Last Child in the Woods: Saving our Children from …by Rick Price - Friday, August 27, 2010
Rick Price, ExperiencePlus! founder, reviews Richard Louv’s, Last Child in the Woods: Saving our Children from Nature-Deficit Disorder (first published in 2005, updated and expanded in 2008; Algonquin Books of Chapel Hill)
Here’s a book that’s not about bicycling, nor travel, nor food, nor any of the things that I normally review. Or is it? It IS all about exploration, discovery, nature, learning, and adventure. And since that is what we do at ExperiencePlus! on our escorted bicycle tours it does, perhaps, fit right into our normal suggested reading list.
Above all, though, this book is for the baby boomer who spent his or her childhood NOT playing in formal playgrounds. Indeed, that means it’s a walk, stroll or ride down memory lane for those of us who grew up playing sandlot baseball, cowboys and Indians, building tree houses and forts in the woods. This book will elicit many memories about what we did as kids that we’ve prohibited our kids and grandkids from doing for a variety of reasons that Louv analyzes in depth.
I grew up on the Oregon coast, just five blocks from the beach. So the beach was my playground for most of the year after about fourth grade. Indeed, the agreement with my folks was that I could go to the cliff in third grade, but not to the beach. By the spring of that third grade year I’d made the beach my domain. Running along the beach on an incoming tide trying to avoid getting caught by the long “sneaker” waves was the great game. When a wave did approach the game was to run up the 100 foot bank as far as we could (we always played in pairs or groups of three) to avoid being swept out to sea. Of course, we’d get soaked and have to sneak in the back door at home to avoid detection.
I’m not sure how but my buddies and I knew NOT to risk the beach on an outgoing tide. A sneaker wave on an outgoing tide was a bad deal. You could end up in China. So we limited our risky play to incoming tides. And we learned early on which risks were worth taking and which not. We learned to “read” the ocean, the currents, and the patterns of nature. What an education that was.
Well, this is what Louv’s book is all about: unstructured experiential learning in nature through play. And, he laments, we don’t allow our kids to do this any more. We design our playgrounds with litigation in mind, making them tamer and tamer. Yet if you watch kids in these playgrounds, they’d rather play on the wild edge of the park or playground, not on the swings, if given that opportunity.

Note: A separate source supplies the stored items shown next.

(* Let $G=(V,E)$ be an undirected graph, $k$ a positive integer, and $f:V\to\mathbb{Z}\cup\{-\infty\}$, $g:V\to\mathbb{Z}\cup\{+\infty\}$ with $f\le g$. A $k$-edge-connected $(f,g)$-bounded orientation $D$ of $G$ is decreasingly minimal among all $k$-edge-connected $(f,g)$-bounded orientations of $G$ if and only if there are no two nodes $s,t$ for which $\varrho_D(t)\ge\varrho_D(s)+2$, $\varrho_D(t)>f(t)$, $\varrho_D(s)<g(s)$, and $D$ contains $k+1$ arc-disjoint directed paths from $s$ to $t$.
   Context: $\varrho_D(v)$ is the number of arcs with head $v$; $D$ is $(f,g)$-bounded if $f(v)\le\varrho_D(v)\le g(v)$ for all $v$; $D$ is $k$-edge-connected if every non-empty proper subset of $V$ has at least $k$ entering arcs. Decreasingly minimal: in-degree vector with largest component as small as possible within the class, then second largest, etc. *)

From mathcomp Require Import all_boot all_order all_algebra.
Set Implicit Arguments. Unset Strict Implicit. Unset Printing Implicit Defensive.
Import Order.TTheory GRing.Theory Num.Theory.

(* An undirected (multi)graph G = (V, E): V, E finite types, [ends e] = the two
   end-nodes of edge e (in an arbitrary reference order).
   An orientation D of G: D e = true orients e from (ends e).1 to (ends e).2,
   D e = false orients it from (ends e).2 to (ends e).1. *)

Section Orient.
Variables (V E : finType) (ends : E -> V * V).

Definition ahead (D : {ffun E -> bool}) (e : E) : V :=
  if D e then (ends e).2 else (ends e).1.
Definition atail (D : {ffun E -> bool}) (e : E) : V :=
  if D e then (ends e).1 else (ends e).2.

Definition indeg (D : {ffun E -> bool}) (v : V) : nat :=
  #|[set e | ahead D e == v]|.

(* f : V -> Z u {-oo}, encoded with None = -oo ;
   g : V -> Z u {+oo}, encoded with None = +oo. *)
Definition lower_ok (f : V -> option int) (v : V) (n : nat) : bool :=
  if f v is Some a then (a <= n%:Z)%R else true.
Definition upper_ok (g : V -> option int) (v : V) (n : nat) : bool :=
  if g v is Some b then (n%:Z <= b)%R else true.

Definition above_f (f : V -> option int) (v : V) (n : nat) : bool :=
  if f v is Some a then (a < n%:Z)%R else true.
Definition below_g (g : V -> option int) (v : V) (n : nat) : bool :=
  if g v is Some b then (n%:Z < b)%R else true.

Definition f_le_g (f g : V -> option int) : Prop :=
  forall v, match f v, g v with Some a, Some b => (a <= b)%R | _, _ => true end.

Definition fg_bounded (f g : V -> option int) (D : {ffun E -> bool}) : Prop :=
  forall v, lower_ok f v (indeg D v) /\ upper_ok g v (indeg D v).

Definition k_edge_connected (k : nat) (D : {ffun E -> bool}) : Prop :=
  forall X : {set V}, X != set0 -> X != setT ->
    k <= #|[set e | (ahead D e \in X) && (atail D e \notin X)]|.

Definition feasible (k : nat) (f g : V -> option int) (D : {ffun E -> bool}) : Prop :=
  k_edge_connected k D /\ fg_bounded f g D.

Definition degseq (D : {ffun E -> bool}) : seq nat :=
  sort geq [seq indeg D v | v <- enum V].

Fixpoint lexle (s t : seq nat) : bool :=
  match s, t with
  | [::], _ => true
  | _ :: _, [::] => false
  | x :: s', y :: t' => (x < y) || ((x == y) && lexle s' t')
  end.

Definition decmin (k : nat) (f g : V -> option int) (D : {ffun E -> bool}) : Prop :=
  feasible k f g D /\
  forall D' : {ffun E -> bool}, feasible k f g D' -> lexle (degseq D) (degseq D').
(* For every $n\ge 2$ there exist nonnegative numbers $\gamma_{n,i}$ such that $$\mathcal{A}_n^{(2)}(t):=\sum_{k=0}^{n-1}\mathcal{A}^{(2)}(n,k)\,t^k=\sum_{i=0}^{\lfloor (n-1)/2\rfloor}\gamma_{n,i}\,t^i(1+t)^{n-1-2i}.$$
   Context: A subexceedant function on $[n]$ is a map $f:[n]\to[n]$ with $1\le f(i)\le i$; its block leader set is $\mathrm{bl}(f)=\{i\in[n]: f(i)\notin f(\{1,\dots,i-1\})\}$. $\mathcal{A}^{(2)}(n,k)$ is the number of pairs $(f_1,f_2)$ of subexceedant functions on $[n]$ with $|\mathrm{bl}(f_1)|=k+1$ and $\mathrm{bl}(f_1)=\mathrm{bl}(f_2)$. *)

From HB Require Import structures.
From mathcomp Require Import all_boot all_order all_algebra.
Set Implicit Arguments. Unset Strict Implicit. Unset Printing Implicit Defensive.
Import Order.TTheory GRing.Theory Num.Theory.

(* [n] = {1,...,n} is represented 0-indexed by 'I_n (element i stands for i+1).
   A subexceedant function f : [n] -> [n], 1 <= f(i) <= i, becomes
   f : 'I_n -> 'I_n with f i <= i. *)
Definition subexceedant (n : nat) (f : {ffun 'I_n -> 'I_n}) : bool :=
  [forall i, (f i <= i)%N].

Definition block_leaders (n : nat) (f : {ffun 'I_n -> 'I_n}) : {set 'I_n} :=
  [set i | f i \notin f @: [set j : 'I_n | (j < i)%N]].
(* Let $(X,d)$ be a u.l.f. metric space and $h\colon X\to\mathbb{R}$ a coarse map. Then the action $\sigma_h$ of $\mathbb{R}$ on $\mathrm{C}^*_u(X)$ given by $\sigma_{h,t}(a)=e^{it\bar h}ae^{-it\bar h}$ is strongly continuous, i.e., $t\mapsto\sigma_{h,t}(a)\in\mathrm{C}^*_u(X)$ is norm continuous for all $a\in\mathrm{C}^*_u(X)$.
   Context: A metric space is u.l.f. if for every $r>0$ the cardinalities of its balls of radius $r$ are uniformly bounded. $\mathrm{C}^*_u(X)$ is the norm closure of the $^*$-algebra of operators $a$ on $\ell_2(X)$ with $\sup\{d(x,y):\langle a\delta_y,\delta_x\rangle\neq0\}<\infty$. $h$ is coarse if for each $r>0$ there is $s>0$ with $d(x,y)<r\Rightarrow|h(x)-h(y)|<s$. $e^{it\bar h}$ is the diagonal unitary $\delta_x\mapsto e^{ith(x)}\delta_x$. *)

From Stdlib Require Import Reals List ClassicalEpsilon.
From Coquelicot Require Import Coquelicot.
Open Scope R_scope.

Section Defs.
Variable X : Type.

Definition is_metric (d : X -> X -> R) : Prop :=
  (forall x y, 0 <= d x y) /\ (forall x y, d x y = 0 <-> x = y) /\
  (forall x y, d x y = d y x) /\ (forall x y z, d x z <= d x y + d y z).

Definition ulf (d : X -> X -> R) : Prop :=
  forall r, 0 < r -> exists N : nat, forall x, exists l : list X,
    (length l <= N)%nat /\ forall y, d x y < r -> In y l.

Definition coarse (d : X -> X -> R) (h : X -> R) : Prop :=
  forall r, 0 < r -> exists s, 0 < s /\
    forall x y, d x y < r -> Rabs (h x - h y) < s.

Definition sumsq (f : X -> C) (l : list X) : R :=
  fold_right (fun x acc => Cmod (f x) ^ 2 + acc) 0 l.

(* ||f||_2 <= c  (sum over X = sup of finite partial sums) *)
Definition l2norm_le (f : X -> C) (c : R) : Prop :=
  0 <= c /\ forall l, NoDup l -> sumsq f l <= c ^ 2.

Definition l2 (f : X -> C) : Prop := exists c, l2norm_le f c.

Definition op := (X -> C) -> (X -> C).
(* Let $\mathcal{E}=(\mathbf{R},\mathbf{S},\Sigma_{st},\mathbf{F})$ be a consistent constructive relational to RDF data exchange setting, $I$ a consistent instance of $\mathbf{R}$, $E$ a forward nested regular expression, and $\mathcal{U}$ a universal simulation solution for $I$ w.r.t. $\mathcal{E}$. A pair $(n,m)$ is a certain answer to $E$ in $I$ w.r.t. $\mathcal{E}$ if and only if $(n,m)\in[\![E]\!]_{\mathcal{U}}$ and neither $n$ nor $m$ is a null value.
   Context: Values: $\mathsf{Iri}$ (IRIs, containing predicates $\mathsf{Pred}$), $\mathsf{NullIri}$, $\mathsf{Lit}$ with null literals $\mathsf{NullLit}\subseteq\mathsf{Lit}$; null values are those in $\mathsf{NullLit}\cup\mathsf{NullIri}$. $\mathbf{R}=(\mathcal{R},\Sigma_{fd})$: relation names with arities and functional dependencies; an instance assigns finite sets of tuples of non-null literals; consistent instances satisfy $\Sigma_{fd}$. Typed graph: finite set of triples $(s,p,o)$, $s\in\mathsf{Iri}\cup\mathsf{NullIri}$, $p\in\mathsf{Pred}$, $o\in\mathsf{Iri}\cup\mathsf{NullIri}\cup\mathsf{Lit}$, with type facts $T(n)$ ($T\in\mathcal{T}$), $\mathit{Literal}(n)$. Deterministic shape schema $\mathbf{S}=(\mathcal{T},\delta)$: partial $\delta:\mathcal{T}\times\mathsf{Pred}\to(\mathcal{T}\cup\{\mathit{Literal}\})\times\{1,?,*,+\}$; satisfaction: for each $\delta(T,p)=S^\mu$, $p$-successors of $T$-typed nodes have type $S$, at most one if $\mu\in\{1,?\}$, at least one if $\mu\in\{1,+\}$. Constructive setting: IRI constructors $f\in\mathcal{F}$ interpreted as $f^F:\mathsf{Lit}^n\to\mathsf{Iri}$ (constants) with pairwise disjoint ranges; full st-tgds $\forall\bar x.\,\varphi\Rightarrow\psi$, $\varphi$ over $\mathcal{R}$, $\psi$ a conjunction of atoms $\mathit{Triple}(t_1,p,t_2)$, $T(t)$, $\mathit{Literal}(t)$, terms variables or $f(\bar u)$. Solution for $I$: typed graph satisfying $\mathbf{S}$ and, together with $I$, $\Sigma_{st}$; $\mathcal{E}$ consistent if each consistent instance has one. Simulation: relation $R$ between nodes of $G$ and $H$ such that for $(n,m)\in R$: $n$ literal iff $m$ literal; if $n$ non-null then $n=m$; each edge $(n,p,n')\in G$ matched by some $(m,p,m')\in H$ with $(n',m')\in R$; $G$ simulated by $H$ if every node of $G$ is related to some node of $H$. A universal simulation solution for $I$: a solution simulated by every solution for $I$. Forward NREs: $E::=\epsilon\mid p\mid\Box\mid\langle\ell\rangle\mid[E]\mid E^*\mid E\cdot E\mid E+E$ with semantics: identity on nodes, $p$-edges, all edges, $\{(\ell,\ell)\}$ if $\ell$ is a node, $\{(n,n)\mid\exists m.(n,m)\in[\![E]\!]_G\}$, union, composition, reflexive-transitive closure. $(n,m)$ is a certain answer to $E$ in $I$ w.r.t. $\mathcal{E}$ iff $(n,m)\in[\![E]\!]_J$ for every solution $J$ for $I$. *)

From Stdlib Require Import List Relations.
Import ListNotations.
Set Implicit Arguments.

(* Iri (with the subset Pred given by isPred), NullIri, Lit (with the subset
   NullLit given by isNullLit). The three carriers are disjoint by
   construction of [node] below. *)
Record Univ := mkUniv {
  Iri : Type;
  NullIri : Type;
  Lit : Type;
  isPred : Iri -> Prop;
  isNullLit : Lit -> Prop }.

(* Standard assumption: there are infinitely many null IRIs and null literals. *)
Definition univ_ok (V : Univ) : Prop :=
  (forall l : list (NullIri V), exists x, ~ In x l) /\
  (forall l : list (Lit V), exists x, isNullLit V x /\ ~ In x l).
(* Let $n\ge1$ and let $\mathfrak{c}=\{c_{ij}\}_{1\le i<j\le n}$, $\mathfrak{\ell}=\{\ell_1,\dots,\ell_n\}$ be integers. Let $C=C(\mathfrak{c},\mathfrak{\ell})$ be the support of the associated Grossberg–Karshon twisted cube, $\{m_\sigma\}_{\sigma\in\{+,-\}^n}$ the Cartier data of the divisor $D(\mathfrak{c},\mathfrak{\ell})$ on $X(\mathfrak{c})$, and $P_{D(\mathfrak{c},\mathfrak{\ell})}$ the associated polytope. Then the following are equivalent: (a) $C$ is closed in $\mathbb{R}^n$ (Euclidean topology); (b) $m_\sigma\in C$ for all $\sigma$; (c) $m_{\sigma,k}\ge0$ for all $\sigma$ and all $1\le k\le n$, where $m_\sigma=(m_{\sigma,1},\dots,m_{\sigma,n})$; (d) $\mathfrak{c},\mathfrak{\ell}$ satisfy condition (P); (e) $C=P_{D(\mathfrak{c},\mathfrak{\ell})}$.
   Context: Functions on $\mathbb{R}^n$: $A_n(x)=\ell_n$ and $A_j(x)=\ell_j-\sum_{k=j+1}^n c_{jk}x_k$ for $1\le j\le n-1$ (so $A_j$ depends only on $x_{j+1},\dots,x_n$). $C(\mathfrak{c},\mathfrak{\ell})$ is the set of $x\in\mathbb{R}^n$ such that for every $1\le k\le n$: $A_k(x)<x_k<0$ or $0\le x_k\le A_k(x)$. Condition (P): $\ell_n\ge0$, and for every $1\le k\le n-1$: whenever $(x_{k+1},\dots,x_n)$ satisfies $0\le x_i\le A_i(x_{i+1},\dots,x_n)$ for all $k+1\le i\le n$, then $A_k(x_{k+1},\dots,x_n)\ge0$. Toric data: $e_1^+,\dots,e_n^+$ standard basis of $\mathbb{R}^n$, $e_j^-:=-e_j^+-\sum_{k>j}c_{jk}e_k^+$; $\Sigma_{\mathfrak{c}}$ is the fan of cones generated by subsets of $\{e_1^\pm,\dots,e_n^\pm\}$ containing no pair $\{e_j^+,e_j^-\}$, with maximal cones $\mathrm{Cone}\{e_1^{\sigma_1},\dots,e_n^{\sigma_n}\}$, $\sigma\in\{+,-\}^n$; $X(\mathfrak{c})$ its smooth toric variety; $D(\mathfrak{c},\mathfrak{\ell})=\sum_j\ell_jD_{e_j^-}$ with $D_{e_j^-}$ the torus-invariant divisor of the ray through $e_j^-$. Its Cartier data is the collection $m_\sigma\in\mathbb{Z}^n$ with $\langle m_\sigma,u\rangle=-a_u$ for each ray generator $u\in\{e_1^{\sigma_1},\dots,e_n^{\sigma_n}\}$ of $\sigma$, where $a_{e_j^+}=0$, $a_{e_j^-}=\ell_j$ and $\langle\cdot,\cdot\rangle$ is the standard inner product. $P_{D(\mathfrak{c},\mathfrak{\ell})}=\{x\in\mathbb{R}^n: 0\le x_j\le A_j(x)\ \forall j\}$. *)

(* Points of R^n are row vectors 'rV[R]_n,
   with the (sup-norm = Euclidean) topology of mathcomp-analysis. *)
From HB Require Import structures.
From mathcomp Require Import all_boot all_order all_algebra.
From mathcomp Require Import all_classical all_reals all_analysis.
Set Implicit Arguments. Unset Strict Implicit. Unset Printing Implicit Defensive.
Import Order.TTheory GRing.Theory Num.Theory.
Local Open Scope ring_scope.
Local Open Scope classical_set_scope.
Lemma qintS n : qint q n.+1 = qint q n + q ^+ n.
Proof. by rewrite /qint big_ord_recr. Qed.

Lemma qintD m n : qint q (m + n) = qint q m + q ^+ m * qint q n.
Proof.
rewrite /qint big_split_ord /= mulr_sumr; congr (_ + _).
by apply: eq_bigr => i _; rewrite exprD.
Qed.

Lemma qfact0 : qfact q 0 = 1.
Proof. by rewrite /qfact big_ord0. Qed.

Lemma qfactS n : qfact q n.+1 = qfact q n * qint q n.+1.
Proof. by rewrite /qfact big_ord_recr. Qed.

Lemma qpochD a m n : qpoch q a (m + n) = qpoch q a m * qpoch q (q ^+ m * a) n.
Proof.
rewrite /qpoch big_split_ord /=; congr (_ * _).
by apply: eq_bigr => i _; rewrite exprD mulrA (mulrC (q ^+ i)).
Qed.

Definition qdfact (n : nat) : F := \prod_(i < n) qint q (2 * i).+2.

Lemma qdfact0 : qdfact 0 = 1.
Proof. by rewrite /qdfact big_ord0. Qed.

Lemma qdfactS n : qdfact n.+1 = qdfact n * qint q (2 * n).+2.
Proof. by rewrite /qdfact big_ord_recr. Qed.

Lemma qfact_qpochE n : qfact q n * qpoch q (- q) n = qdfact n.
Proof.
elim: n => [|n IH]; first by rewrite qfact0 qdfact0 /qpoch big_ord0 mulr1.
rewrite qfactS /qpoch big_ord_recr /= -/(qpoch q (- q) n) qdfactS -IH.
have -> : (2 * n).+2 = (n.+1 + n.+1)%N by lia.
rewrite qintD mulrN -exprSr; ring.
Qed.

Hypothesis hq : forall j : nat, qint q j.+1 != 0.
Hypothesis hq' : forall j : nat, 1 + q ^+ j.+1 != 0.

Lemma qfact_neq0 n : qfact q n != 0.
Proof. by apply/prodf_neq0 => i _; apply: hq. Qed.

Lemma qdfact_neq0 n : qdfact n != 0.
Proof. by apply/prodf_neq0 => i _; apply: hq. Qed.

Lemma qpochNX_neq0 p n : qpoch q (- q ^+ p.+1) n != 0.
Proof.
by apply/prodf_neq0 => i _; rewrite mulrN opprK -exprD addnS; apply: hq'.
Qed.

Lemma qpochN_neq0 n : qpoch q (- q) n != 0.
Proof. by have := qpochNX_neq0 0 n; rewrite expr1. Qed.

End QCalculus.

Lemma big_ord_pairs (V : nmodType) n (f : nat -> V) :
  \sum_(j < 2 * n.+1) f j = \sum_(k < n.+1) (f (2 * k)%N + f (2 * k).+1).
Proof.
elim: n => [|n IH]; first by rewrite big_ord1 muln1 2!big_ord_recr big_ord0 /= add0r.
have -> : (2 * n.+2 = (2 * n.+1).+2)%N by rewrite !mulnS.
by rewrite 2!big_ord_recr [RHS]big_ord_recr /= -IH addrA.
Qed.

Lemma coefM_eq_low (R : nzRingType) (p p' r : {poly R}) N :
  (forall i, (i <= N)%N -> p`_i = p'`_i) -> (p * r)`_N = (p' * r)`_N.
Proof. by move=> h; rewrite !coefM; apply: eq_bigr => i _; rewrite h // -ltnS. Qed.

Lemma coefM_eq0_low (R : idomainType) (p r : {poly R}) K : p`_0 != 0 ->
  (forall N, (N < K)%N -> (p * r)`_N = 0) -> forall N, (N < K)%N -> r`_N = 0.
Proof.
move=> p0 hpr; elim/ltn_ind => N IH hN; apply/eqP.
rewrite -(mulrI_eq0 _ (lregP p0)); apply/eqP; rewrite -[RHS](hpr N hN) coefMr.
rewrite big_ord_recr /= subnn big1 ?add0r // => j _.
by rewrite IH ?mulr0 ?(ltn_trans _ hN).
Qed.

Section TangentSeries.
Variables (F : fieldType) (q : F).

Lemma size_tanS_upto n : size (tanS_upto q n) = n.+1.
Proof. by elim: n => [|n IH] //=; rewrite size_rcons IH. Qed.

Lemma nth_tanS_upto n j : (j <= n)%N -> nth 0 (tanS_upto q n) j = tanS q j.
Proof.
elim: n => [|n IH]; first by rewrite leqn0 => /eqP ->.
rewrite leq_eqVlt => /orP [/eqP -> //|hj].
by rewrite /= nth_rcons size_tanS_upto hj IH.
Qed.

Lemma evcoef0 : evcoef q 0 = 1.
Proof. by rewrite /evcoef /= qfact0 invr1. Qed.

Lemma evcoef_tanS_conv l :
  \sum_(j < l.+1) evcoef q (l - j) * tanS q j = odcoef q l.
Proof.
case: l => [|l]; first by rewrite big_ord1 subnn evcoef0 mul1r /tanS.
rewrite big_ord_recr /= subnn evcoef0 mul1r.
have -> : tanS q l.+1 = odcoef q l.+1 - \sum_(j < l.+1) evcoef q (l.+1 - j) * tanS q j.
  rewrite /tanS /= nth_rcons size_tanS_upto ltnn eqxx; congr (_ - _).
  by apply: eq_bigr => j _; rewrite nth_tanS_upto // -ltnS.
by rewrite addrC subrK.
Qed.

End TangentSeries.

Section QExpConvolution.
Variables (F : fieldType) (q x : F).
Hypothesis hq : forall j : nat, qint q j.+1 != 0.

(* The coefficients of e_q(-xz) * sum_i U_i z^i. *)
Definition econv (U : nat -> F) (N : nat) : F :=
  \sum_(i < N.+1) (-1) ^+ i / qfact q i * x ^+ i * U (N - i)%N.

Lemma econv_parity (U : nat -> F) N j : (j <= N)%N ->
  evcoef q j * x ^+ j * (if odd (N - j) then U (N - j)%N else 0)
  - odcoef q j * x ^+ j * (if odd (N - j) then 0 else U (N - j)%N) =
  if odd N then (-1) ^+ j / qfact q j * x ^+ j * U (N - j)%N else 0.
Proof.
move=> hj; rewrite /evcoef /odcoef oddB // -signr_odd.
by case: (odd N); case: (odd j); rewrite /= ?expr0 ?expr1; ring.
Qed.

Lemma odd_coef_tan_conv (U : nat -> F) (hU : forall N, odd N -> econv U N = 0) N :
  odd N ->
  U N = \sum_(j < N.+1) tanS q j * x ^+ j * (if odd (N - j) then 0 else U (N - j)%N).
Proof.
move=> oddN; pose K := N.+1.
(* Truncations below degree K of E(xz), O(xz), (O/E)(xz) and of the even and
   odd parts of U(z); hU says E Uo = O Ue, and E Sp = O gives Uo = Sp Ue. *)
pose Ep := \poly_(i < K) (evcoef q i * x ^+ i).
pose Op := \poly_(i < K) (odcoef q i * x ^+ i).
pose Sp := \poly_(i < K) (tanS q i * x ^+ i).
pose Ue := \poly_(i < K) (if odd i then 0 else U i).
pose Uo := \poly_(i < K) (if odd i then U i else 0).
have EpSp l : (l < K)%N -> (Ep * Sp)`_l = Op`_l.
  move=> hl; rewrite coefMr coef_poly hl -(@evcoef_tanS_conv _ q l) mulr_suml.
  apply: eq_bigr => j _; have hj : (j <= l)%N := ltnSE (ltn_ord j).
  rewrite !coef_poly (leq_ltn_trans hj hl) (leq_ltn_trans (leq_subr _ _) hl).
  have -> : x ^+ l = x ^+ (l - j) * x ^+ j by rewrite -exprD subnK.
  ring.
have EpUo M : (M < K)%N -> (Ep * Uo)`_M = (Op * Ue)`_M.
  move=> hM; apply/eqP; rewrite -subr_eq0 !coefM -sumrB; apply/eqP.
  transitivity (\sum_(j < M.+1)
      if odd M then (-1) ^+ j / qfact q j * x ^+ j * U (M - j)%N else 0); last first.
    by case hodd: (odd M); [exact: hU | rewrite big1].
  apply: eq_bigr => j _; have hj : (j <= M)%N := ltnSE (ltn_ord j).
  rewrite !coef_poly (leq_ltn_trans hj hM) (leq_ltn_trans (leq_subr _ _) hM).
  exact: econv_parity.
have Ep0 : Ep`_0 != 0 by rewrite coef_poly /= expr0 mulr1 evcoef0 oner_neq0.
have : (Uo - Sp * Ue)`_N = 0.
  apply: (coefM_eq0_low Ep0 _ (ltnSn N)) => M hM.
  rewrite mulrBr coefB mulrA EpUo // [(Ep * Sp * Ue)`_M](@coefM_eq_low _ _ Op) ?subrr //.
  by move=> i hi; apply: EpSp; lia.
move/eqP; rewrite coefB subr_eq0 coef_poly ltnSn oddN coefM => /eqP ->.
apply: eq_bigr => j _; have hj : (j <= N)%N := ltnSE (ltn_ord j).
by rewrite !coef_poly (leq_ltn_trans hj (ltnSn N)) (leq_ltn_trans (leq_subr _ _) (ltnSn N)).
Qed.

Lemma tan_expansion (U : nat -> F) (hU : forall N, odd N -> econv U N = 0) n :
  U (2 * n).+1 =
  \sum_(k < n.+1) tanS q (2 * k).+1 * x ^+ (2 * k).+1 * U (2 * n - 2 * k)%N.
Proof.
rewrite odd_coef_tan_conv ?oddS ?oddM //.
rewrite (_ : (2 * n).+2 = 2 * n.+1)%N; last by rewrite mulnS.
rewrite (big_ord_pairs n (fun j => tanS q j * x ^+ j *
  (if odd ((2 * n).+1 - j) then 0 else U ((2 * n).+1 - j)%N))).
apply: eq_bigr => k _; have hk : (k <= n)%N := ltnSE (ltn_ord k).
rewrite subSS subSn ?leq_mul2l // !oddS oddB ?leq_mul2l // !oddM /=.
by rewrite mulr0 add0r.
Qed.

Definition qdiff (U : nat -> F) (M : nat) : F :=
  qint q M.+1 * U M.+1 - x * q ^+ M * U M.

Louv writes about how our kids sustain more injuries in organized sports than we did in unstructured, wild play. Kids don’t build tree houses any more because the homeowner’s association won’t allow them. “Forts” in the woods cause worry about transients or kids playing with fire. He presents an image of “containerized” kids – in high chairs, play pens, car seats, cars, and strollers (as the parent, of course, is jogging along the bike path!)
Louv’s book, not surprisingly, has struck a chord with many of my generation and the younger one just behind us. Indeed, he has achieved something of cult status across the country as parents try to figure out how to capture the freedom of play in nature that so many of us enjoyed as children. Even recess is being eliminated from many of our elementary schools, he points out, as schools focus more and more on teaching to achievement tests.
This book is about getting back to nature. It’s worth a look and it is a reminder, if for nothing else than to bring nature back into our lives and into the lives of the young people around us. It will take you back to Rachel Carson’s Silent Spring and to John Muir, Aldo Leopold, Henry David Thoreau, Edward Abbey, and many others. If you’re working on your master naturalist certificate this will bring you up to date on all the literature that you should be reading, and if you just want to know what’s going on in the world of environmental education this will do the trick.
Louv ends with a check list of 100 things we can do to get kids back to nature. Whether you are a parent or grandparent, an educator or a lawyer, or whether you’re looking for opportunities for your civic groups or government programs, there is something here for everyone.